Today Stacey and I were pair programming on a parser for requests to an IRC server. We started with this and this. Using the instaparser library, we ended up with this:

(def request-parser
  (insta/parser "message = prefix? command params?
                prefix = <':'> word <SPACE+>
                command = word | number number number
                params = middle? trailing?
                middle = (<SPACE+> word)+
                trailing = (<SPACE+> <':'> #'[a-zA-Z0-9 ]+')
                word = #'[a-zA-z]+'
                number = #'\\d'
                <SPACE> = #' '"))

If you take a look at the IRC RFCs, you'll immediately see that there are some differences and discrepancies. For example, the issue of nick and message lengths are left untouched by this grammar.

As Stacey and I developed the parser, we began to wonder where certain errors like "invalid nick, length > 9" would be thrown or handled. Specifically, should these be parsing errors? Generally, what parts of the program's logic should be handled by this grammar?

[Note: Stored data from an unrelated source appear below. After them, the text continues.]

(* Let $n\ge 1$ and $a\ge 2$ be integers and $r>0$. For $j\in\mathbb Z$ let $P_j=\bigl(r\cos(2\pi j/n),\, r\sin(2\pi j/n)\bigr)$. Let $E$ be the set of unordered pairs $\{s,t\}$ of distinct elements of $\mathbb Z_n$ such that $t\equiv as \pmod n$ or $s\equiv at \pmod n$ (the set of distinct non-degenerate line segments of the residue design, each counted once). Then \[\sum_{\{s,t\}\in E} |P_sP_t| \;=\; 2rg_1\cot\left(\frac{\pi g_1}{2n}\right)-rg_2\cot\left(\frac{\pi g_2}{2m}\right),\] where $m$ is the largest positive divisor of $n$ for which $a^2\equiv 1 \pmod m$, $g_1=\gcd(a-1,n)$ and $g_2=\gcd(a-1,m)$. *)

From Stdlib Require Import Reals.
From mathcomp Require Import all_boot all_order all_algebra.
From mathcomp Require Import Rstruct.

Set Implicit Arguments.
Unset Strict Implicit.
Unset Printing Implicit Defensive.

Definition cot (x : R) : R := (cos x / sin x)%R.

Definition Ppt (n : nat) (r : R) (j : nat) : R * R :=
  ((r * cos (2 * PI * INR j / INR n))%R, (r * sin (2 * PI * INR j / INR n))%R).

Definition dist2 (P Q : R * R) : R :=
  sqrt ((P.1 - Q.1) ^ 2 + (P.2 - Q.2) ^ 2)%R.

(* E: unordered pairs {s,t} of distinct residues mod n with t = a s or s = a t (mod n);
   each unordered pair {s,t} is represented once, by the ordered pair (s,t) with s < t. *)
Definition edge (n a : nat) (p : 'I_n * 'I_n) : bool :=
  (p.1 < p.2)%N &&
  ((p.2 == a * p.1 %[mod n]) || (p.1 == a * p.2 %[mod n])).

Definition mdiv (n a : nat) : nat :=
  \max_(d < n.+1 | (0 < d)%N && (d %| n) && (a ^ 2 == 1 %[mod d])) d.

Definition total_length (n a : nat) (r : R) : R :=
  (\sum_(p : 'I_n * 'I_n | edge a p) dist2 (Ppt n r p.1) (Ppt n r p.2))%R.

(* The chord P_s P_t has length 2r|sin(pi (s - t) / n)|. The edges of the design
   are the pairs {s, as mod n}, so summing the chords from every s to as counts
   each edge once, except those with a^2 s = s (mod n), which are counted twice;
   these s are exactly the multiples of n/m. Both sums are of the form
   sum_{s<N} |sin(pi c s / N)|: with g = gcd(c, N), the summand is N/g-periodic
   in s and s |-> (c/g) s permutes the residues mod N/g, so the sum equals
   g * sum_{k<N/g} sin(pi k g / N), which telescopes to g cot(pi g / (2N)). *)

From Stdlib Require Import Reals Lra.
From mathcomp Require Import all_boot all_order all_algebra.
From mathcomp Require Import Rstruct zify.
Import GRing.Theory.

Set Implicit Arguments.
Unset Strict Implicit.
Unset Printing Implicit Defensive.

Lemma mul_modn_inj c N i j : coprime c N -> (i < N)%N -> (j < N)%N ->
  c * i = c * j %[mod N] -> i = j.
Proof.
move=> cN; wlog le_ij : i j / (i <= j)%N.
  by move=> sym iN jN eq_ij; case/orP: (leq_total i j) => ?; [|apply/esym]; apply: sym.
move=> _ jN /eqP; rewrite eq_sym eqn_mod_dvd ?leq_mul2l ?le_ij ?orbT //.
rewrite -mulnBr Gauss_dvdr 1?coprime_sym // /dvdn modn_small; first by move/eqP; lia.
exact: leq_ltn_trans (leq_subr i j) jN.
Qed.

Lemma coprime_divn_gcd m n : (0 < gcdn m n)%N ->
  coprime (m %/ gcdn m n) (n %/ gcdn m n).
Proof.
move=> g_gt0; rewrite /coprime -(eqn_pmul2r g_gt0) mul1n muln_gcdl.
by rewrite !divnK ?dvdn_gcdl ?dvdn_gcdr.
Qed.

Lemma dvdn_mul_divn_gcd c n s : (0 < n)%N ->
  (n %| c * s) = (n %/ gcdn c n %| s).
Proof.
move=> n_gt0; have g_gt0 : (0 < gcdn c n)%N by rewrite gcdn_gt0 n_gt0 orbT.
have := coprime_divn_gcd g_gt0; set g := gcdn c n => cop.
rewrite -[n in n %| _](divnK (dvdn_gcdr c n)) -/g.
rewrite -[c in c * s](divnK (dvdn_gcdl c n)) -/g.
by rewrite mulnAC dvdn_pmul2r // Gauss_dvdr // coprime_sym.
Qed.

Lemma mdivE n a : (0 < n)%N -> (0 < a)%N -> mdiv n a = gcdn (a ^ 2 - 1) n.
Proof.
move=> n_gt0 a_gt0; set m := gcdn _ n.
have m_gt0 : (0 < m)%N by rewrite gcdn_gt0 n_gt0 orbT.
have dvd_m d : (d %| n) && (a ^ 2 == 1 %[mod d]) = (d %| m).
  by rewrite eqn_mod_dvd ?expn_gt0 ?a_gt0 // dvdn_gcd andbC.
apply/eqP; rewrite eqn_leq; apply/andP; split.
  apply/bigmax_leqP => d /andP[/andP[_ dn] da].
  by apply: dvdn_leq; rewrite // -dvd_m dn.
have m_lt : (m < n.+1)%N by rewrite ltnS dvdn_leq // dvdn_gcdr.
by apply: (leq_trans _ (leq_bigmax_cond (Ordinal m_lt) _)); rewrite //= m_gt0 dvd_m.
Qed.

Lemma mulmod_twice_eq n a s : (0 < a)%N -> (s < n)%N ->
  ((a * ((a * s) %% n)) %% n == s) = (n %/ gcdn (a ^ 2 - 1) n %| s).
Proof.
move=> a_gt0 s_lt; have n_gt0 : (0 < n)%N by apply: leq_ltn_trans s_lt.
rewrite -{2}(modn_small s_lt) modnMmr mulnA mulnn.
rewrite eqn_mod_dvd ?leq_pmull ?expn_gt0 ?a_gt0 //.
by rewrite -[X in _ - X]mul1n -mulnBl dvdn_mul_divn_gcd.
Qed.

Section PeriodicSums.

Variables (V : nmodType) (N : nat) (F : nat -> V).
Hypothesis F_periodic : forall i, F (i + N) = F i.

Lemma periodic_addnM i k : F (i + k * N) = F i.
Proof. by elim: k => [|k IH]; rewrite ?mul0n ?addn0 // mulSn addnCA addnC F_periodic. Qed.

Lemma periodic_modn i : F (i %% N) = F i.
Proof. by rewrite {2}(divn_eq i N) addnC periodic_addnM. Qed.

Lemma sum_periodic k : (\sum_(s < k * N) F s = (\sum_(s < N) F s) *+ k)%R.
Proof.
rewrite -(big_mkord xpredT) big_nat_mul -[k in RHS]subn0 -sumr_const_nat.
apply: eq_bigr => i _; rewrite -{1}[i * N]add0n big_addn mulSn addnK.
by rewrite big_mkord; apply: eq_bigr => j _; rewrite periodic_addnM.
Qed.

Lemma sum_periodic_coprime_mul c : coprime c N ->
  (\sum_(s < N) F (c * s) = \sum_(s < N) F s)%R.
Proof.
case: (posnP N) => [-> _ | N_gt0 cN]; first by rewrite !big_ord0.
pose h (i : 'I_N) : 'I_N := Ordinal (ltn_pmod (c * i) N_gt0).
have h_inj : injective h.
  by move=> i j /(congr1 val) /mul_modn_inj eq_ij; apply/val_inj/eq_ij.
rewrite [RHS](reindex_inj h_inj); apply: eq_bigr => i _.
by rewrite periodic_modn.
Qed.

End PeriodicSums.

Lemma sum_dvdn (V : nmodType) M n (G : nat -> V) : (0 < M)%N -> (M %| n)%N ->
  (\sum_(s < n | (M %| s)%N) G s = \sum_(u < n %/ M) G (M * u))%R.
Proof.
move=> M_gt0 /divnK <-; rewrite mulnK //; move: (n %/ M) => m.
rewrite big_mkcond -(big_mkord xpredT (fun s => if M %| s then G s else 0%R)).
rewrite big_nat_mul big_mkord; apply: eq_bigr => i _.
rewrite -{1}[i * M]add0n big_addn mulSn addnK big_ltn // add0n.
rewrite dvdn_mull // mulnC big1_seq ?Monoid.mulm1 // => j /andP[_].
by rewrite mem_index_iota => /andP[j_gt0 jM]; rewrite dvdn_addl ?dvdn_mulr // gtnNdvd.
Qed.

Lemma sumr_orb (V : zmodType) (I : finType) (A B : pred I) (G : I -> V) :
  (\sum_(i | A i || B i) G i
   = \sum_(i | A i) G i + \sum_(i | B i) G i - \sum_(i | A i && B i) G i)%R.
Proof.
rewrite (big_mkcond (fun i => A i || B i)) (big_mkcond A) (big_mkcond B).
rewrite (big_mkcond (fun i => A i && B i)) -big_split -sumrB; apply: eq_bigr => i _.
by case: (A i); case: (B i); rewrite /= ?addrK ?addr0 ?add0r ?subr0.
Qed.

Lemma sum_pair_swap (V : nmodType) (I : finType) (P : pred (I * I))
    (G : I -> I -> V) :
  (\sum_(p | P p) G p.1 p.2 = \sum_(p | P (p.2, p.1)) G p.2 p.1)%R.
Proof.
by apply: (reindex_inj (h := fun p => (p.2, p.1))) => [[? ?] [? ?] [-> ->]].
Qed.

Section FunctionalGraph.

Variables (V : zmodType) (n : nat) (f : 'I_n -> 'I_n) (D : 'I_n -> 'I_n -> V).
Hypotheses (DC : forall s t, D s t = D t s) (Dxx : forall s, D s s = 0%R).

Lemma sum_ltn_pairs (P : pred ('I_n * 'I_n)) : (forall s t, P (s, t) = P (t, s)) ->
  ((\sum_(p : 'I_n * 'I_n | (p.1 < p.2)%N && P p) D p.1 p.2) *+ 2
   = \sum_(p | P p) D p.1 p.2)%R.
Proof.
move=> PC; rewrite mulr2n {2}sum_pair_swap /= [RHS]big_mkcond.
rewrite (big_mkcond (fun p : 'I_n * 'I_n => (p.1 < p.2)%N && P p)).
rewrite (big_mkcond (fun p : 'I_n * 'I_n => (p.2 < p.1)%N && P (p.2, p.1))).
rewrite -big_split /=.
apply: eq_bigr => -[s t] _ /=; rewrite PC (DC t).
case: (ltngtP s t) => [_|_|/val_inj st]; rewrite ?andbF ?addr0 ?add0r //.
by rewrite st Dxx if_same.
Qed.

Lemma sum_functional_graph_edges :
  ((\sum_(p : 'I_n * 'I_n | (p.1 < p.2)%N && ((p.2 == f p.1) || (p.1 == f p.2)))
      D p.1 p.2) *+ 2
   = (\sum_s D s (f s)) *+ 2 - \sum_(s | f (f s) == s) D s (f s))%R.
Proof.
rewrite sum_ltn_pairs => [|s t]; last exact: orbC.
have graph_sum : (\sum_(p | p.2 == f p.1) D p.1 p.2 = \sum_s D s (f s))%R.
  rewrite big_mkcond
    -(pair_big xpredT xpredT (fun s t => if t == f s then D s t else 0%R)) /=.
  by apply: eq_bigr => s _; rewrite -big_mkcond big_pred1_eq.
have cycle_sum : (\sum_(p | (p.2 == f p.1) && (p.1 == f p.2)) D p.1 p.2
                  = \sum_(s | f (f s) == s) D s (f s))%R.
  rewrite big_mkcond -(pair_big xpredT xpredT (fun s t =>
    if (t == f s) && (s == f t) then D s t else 0%R)) /= [RHS]big_mkcond.
  apply: eq_bigr => s _; rewrite -big_mkcond big_mkcondr big_pred1_eq.
  by rewrite eq_sym.
have swap_sum : (\sum_(p | p.1 == f p.2) D p.1 p.2
                 = \sum_(p | p.2 == f p.1) D p.1 p.2)%R.
  by rewrite sum_pair_swap; apply: eq_bigr => p _; apply: DC.
by rewrite sumr_orb swap_sum graph_sum cycle_sum mulr2n.
Qed.

End FunctionalGraph.

Local Open Scope R_scope.

Lemma sin_half_mul_sum x K :
  2 * sin (x / 2) * (\sum_(k < K) sin (INR k * x))%R
  = cos (x / 2) - cos (INR K * x - x / 2).
Proof.
elim: K => [|K IH].
  rewrite big_ord0 Rmult_0_l Rminus_0_l cos_neg; change GRing.zero with R0; ring.
rewrite big_ord_recr /= RplusE Rmult_plus_distr_l IH -/(INR K.+1) S_INR.
replace ((INR K + 1) * x - x / 2) with (INR K * x + x / 2) by field.
rewrite cos_plus cos_minus; ring.
Qed.

Lemma sum_sin_PI_div N : (0 < N)%N ->
  (\sum_(k < N) sin (PI * INR k / INR N))%R = cot (PI / (2 * INR N)).
Proof.
move=> N_gt0.
have N_ge1 : 1 <= INR N by apply: (le_INR 1); apply/leP.
have PI_gt0 := PI_RGT_0.
set y := PI / (2 * INR N).
have sin_y_gt0 : 0 < sin y.
  apply: sin_gt_0; rewrite /y; first by apply: Rdiv_lt_0_compat; lra.
  apply: (Rmult_lt_reg_r (2 * INR N)); first lra.
  field_simplify; nra.
have := sin_half_mul_sum (2 * y) N.
have -> : INR N * (2 * y) - 2 * y / 2 = PI - y by rewrite /y; field; lra.
rewrite cos_minus cos_PI sin_PI (_ : 2 * y / 2 = y); last by field.
move=> telescope.
rewrite (eq_bigr (fun k : 'I_N => sin (INR k * (2 * y)))); last first.
  by move=> k _; congr sin; rewrite /y; field; lra.
rewrite /cot -RdivE.
apply: (Rmult_eq_reg_l (2 * sin y)); last lra.
rewrite telescope; field; lra.
Qed.

Lemma sum_abs_sin_mul c n : (0 < n)%N ->
  (\sum_(s < n) Rabs (sin (PI * INR (c * s) / INR n)))%R
  = INR (gcdn c n) * cot (PI * INR (gcdn c n) / (2 * INR n)).
Proof.
move=> n_gt0; have g_gt0 : (0 < gcdn c n)%N by rewrite gcdn_gt0 n_gt0 orbT.
move: (coprime_divn_gcd g_gt0) (divnK (dvdn_gcdl c n)) (divnK (dvdn_gcdr c n)).
move: (gcdn c n) g_gt0 (c %/ gcdn c n) (n %/ gcdn c n) => g g_gt0 c' N cop <- n_eq.
subst n; have N_gt0 : (0 < N)%N by move: n_gt0; rewrite muln_gt0 => /andP[].
have N_pos : 0 < INR N by apply: (lt_INR 0); apply/ltP.
have g_pos : 0 < INR g by apply: (lt_INR 0); apply/ltP.
pose F k := Rabs (sin (PI * INR k / INR N)).
have F_periodic i : F (i + N)%N = F i.
  rewrite /F plus_INR (_ : PI * (INR i + INR N) / INR N = PI * INR i / INR N + PI).
    by rewrite neg_sin Rabs_Ropp.
  by field; lra.
rewrite (eq_bigr (fun s : 'I_(N * g) => F (c' * s)%N)); last first.
  by move=> s _; rewrite /F !mult_INR; congr (Rabs (sin _)); field; lra.
rewrite mulnC (@sum_periodic _ N (fun s => F (c' * s)%N)); last first.
  by move=> i; rewrite mulnDr periodic_addnM.
rewrite sum_periodic_coprime_mul //.
rewrite (eq_bigr (fun k : 'I_N => sin (PI * INR k / INR N))); last first.
  move=> k _; rewrite /F Rabs_pos_eq //.
  have k_le : INR k <= INR N by apply/le_INR/leP/ltnW.
  have PI_gt0 := PI_RGT_0; have k_ge0 := pos_INR k.
  apply: sin_ge_0; first by apply: Rle_mult_inv_pos; nra.
  apply: (Rmult_le_reg_r (INR N)) => //; field_simplify; nra.
rewrite sum_sin_PI_div // -mulr_natl -INRE mult_INR.
by congr (_ * cot _); field; lra.
Qed.

Lemma sum_abs_sin_mul_dvdn c n m : (0 < n)%N -> (m %| n)%N ->
  (\sum_(s < n | (n %/ m %| s)%N) Rabs (sin (PI * INR (c * s) / INR n)))%R
  = INR (gcdn c m) * cot (PI * INR (gcdn c m) / (2 * INR m)).
Proof.
move=> n_gt0 /divnK; move: (n %/ m) => M n_eq; subst n.
have [M_gt0 m_gt0] : (0 < M)%N /\ (0 < m)%N by apply/andP; rewrite -muln_gt0.
rewrite (sum_dvdn (fun s => Rabs (sin (PI * INR (c * s) / INR (M * m)))))
  ?dvdn_mulr // mulKn // -sum_abs_sin_mul //.
have M_pos : 0 < INR M by apply: (lt_INR 0); apply/ltP.
have m_pos : 0 < INR m by apply: (lt_INR 0); apply/ltP.
apply: eq_bigr => u _; rewrite mulnCA !mult_INR.
by congr (Rabs (sin _)); field; lra.
Qed.

(* The scope key [%R] in the definitions is MathComp's [ring_scope], so [dist2]
   and [Ppt] are written with ring operations; they unfold to these Stdlib forms. *)
Lemma dist2E P Q : dist2 P Q = sqrt (Rsqr (P.1 - Q.1) + Rsqr (P.2 - Q.2)).
Proof. by []. Qed.

Lemma PptE n r j :
  Ppt n r j = (r * cos (2 * PI * INR j / INR n), r * sin (2 * PI * INR j / INR n)).
Proof. by []. Qed.

Lemma dist2C P Q : dist2 P Q = dist2 Q P.
Proof. by rewrite !dist2E /Rsqr; congr sqrt; ring. Qed.

Lemma dist2xx P : dist2 P P = 0.
Proof. by rewrite dist2E !Rminus_diag Rsqr_0 Rplus_0_r sqrt_0. Qed.

Lemma chord_length r A B : 0 <= r ->
  dist2 (r * cos A, r * sin A) (r * cos B, r * sin B)
  = 2 * r * Rabs (sin ((A - B) / 2)).
Proof.
move=> r_ge0; rewrite dist2E /=.
have cos_AB := cos_2a_sin ((A - B) / 2).
rewrite (_ : 2 * ((A - B) / 2) = A - B) ?cos_minus in cos_AB; last by field.
have := sin2_cos2 A; have := sin2_cos2 B; rewrite /Rsqr => circle_B circle_A.
rewrite (_ : _ + _ = Rsqr (2 * r * sin ((A - B) / 2))); last by rewrite /Rsqr; nra.
by rewrite sqrt_Rsqr_abs !Rabs_mult (Rabs_pos_eq r) // Rabs_pos_eq //; lra.
Qed.

Lemma Ppt_modn n r j : (0 < n)%N -> Ppt n r (j %% n) = Ppt n r j.
Proof.
move=> n_gt0; have n_pos : 0 < INR n by apply: (lt_INR 0); apply/ltP.
rewrite !PptE; have -> : 2 * PI * INR j / INR n
          = 2 * PI * INR (j %% n) / INR n + 2 * INR (j %/ n) * PI.
  by rewrite {1}(divn_eq j n) plus_INR mult_INR; field; lra.
by rewrite cos_period sin_period.
Qed.

Lemma dist_Ppt_mulmod n r a s : (0 < n)%N -> (0 < a)%N -> 0 <= r ->
  dist2 (Ppt n r s) (Ppt n r ((a * s) %% n))
  = 2 * r * Rabs (sin (PI * INR ((a - 1) * s) / INR n)).
Proof.
move=> n_gt0 a_gt0 r_ge0; have n_pos : 0 < INR n by apply: (lt_INR 0); apply/ltP.
rewrite Ppt_modn // dist2C !PptE chord_length //.
have -> : INR (a * s) = INR ((a - 1) * s) + INR s by rewrite -plus_INR; congr INR; nia.
by congr (_ * Rabs (sin _)); field; lra.
Qed.

Theorem theorem2 (n a : nat) (r : R) (hn : (1 <= n)%nat) (ha : (2 <= a)%nat) (hr : 0 < r) :
  total_length n a r
  = 2 * r * INR (gcdn (a - 1) n) * cot (PI * INR (gcdn (a - 1) n) / (2 * INR n))
    - r * INR (gcdn (a - 1) (mdiv n a))
        * cot (PI * INR (gcdn (a - 1) (mdiv n a)) / (2 * INR (mdiv n a))).
Proof.
have a_gt0 : (0 < a)%N by apply: ltnW.
pose f (s : 'I_n) : 'I_n := Ordinal (ltn_pmod (a * s) hn).
pose D (s t : 'I_n) := dist2 (Ppt n r s) (Ppt n r t).
have edgeE p : edge a p = (p.1 < p.2)%N && ((p.2 == f p.1) || (p.1 == f p.2)).
  by rewrite /edge (modn_small (ltn_ord p.1)) (modn_small (ltn_ord p.2)).
have cycleE s : (f (f s) == s) = (n %/ mdiv n a %| s)%N.
  by rewrite -val_eqE /= mdivE // mulmod_twice_eq.
have Df s : D s (f s) = 2 * r * Rabs (sin (PI * INR ((a - 1) * s) / INR n)).
  by apply: dist_Ppt_mulmod => //; lra.
have sum_all : (\sum_s D s (f s))%R
    = 2 * r * (INR (gcdn (a - 1) n) * cot (PI * INR (gcdn (a - 1) n) / (2 * INR n))).
  by rewrite -sum_abs_sin_mul // RmultE mulr_sumr; apply: eq_bigr => s _; rewrite Df.
have sum_cycles : (\sum_(s | f (f s) == s) D s (f s))%R
    = 2 * r * (INR (gcdn (a - 1) (mdiv n a))
               * cot (PI * INR (gcdn (a - 1) (mdiv n a)) / (2 * INR (mdiv n a)))).
  rewrite (eq_bigl _ _ cycleE) -(sum_abs_sin_mul_dvdn (a - 1) hn) ?mdivE ?dvdn_gcdr //.
  rewrite RmultE mulr_sumr.
  by apply: eq_bigr => s _; rewrite Df.
have := @sum_functional_graph_edges _ n f D (fun s t => dist2C _ _) (fun s => dist2xx _).
rewrite -(eq_bigl _ _ edgeE) sum_all sum_cycles !mulr2n.
change (\sum_(p | edge a p) D p.1 p.2)%R with (total_length n a r).
by rewrite -RminusE -!RplusE; lra.
Qed.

Somehow I recalled Chomsky's famous line "Colorless green ideas sleep furiously" which is a sentence (grammatically correct, or in our CS context, it parses), but meaningless. This way of thinking about grammar applies here too. The IRC command FOOBAR is grammatically correct but meaningless. Errors for meaningless commands should certainly be handled, but not in the grammar.

I went to the wikipedia page on "Colorless green ideas sleep furiously," saw this:

Alt text

and was enlightened.


That tree resembles a parse tree. If I didn't know any better, I would say that it is a parse tree.

Happy Halloween!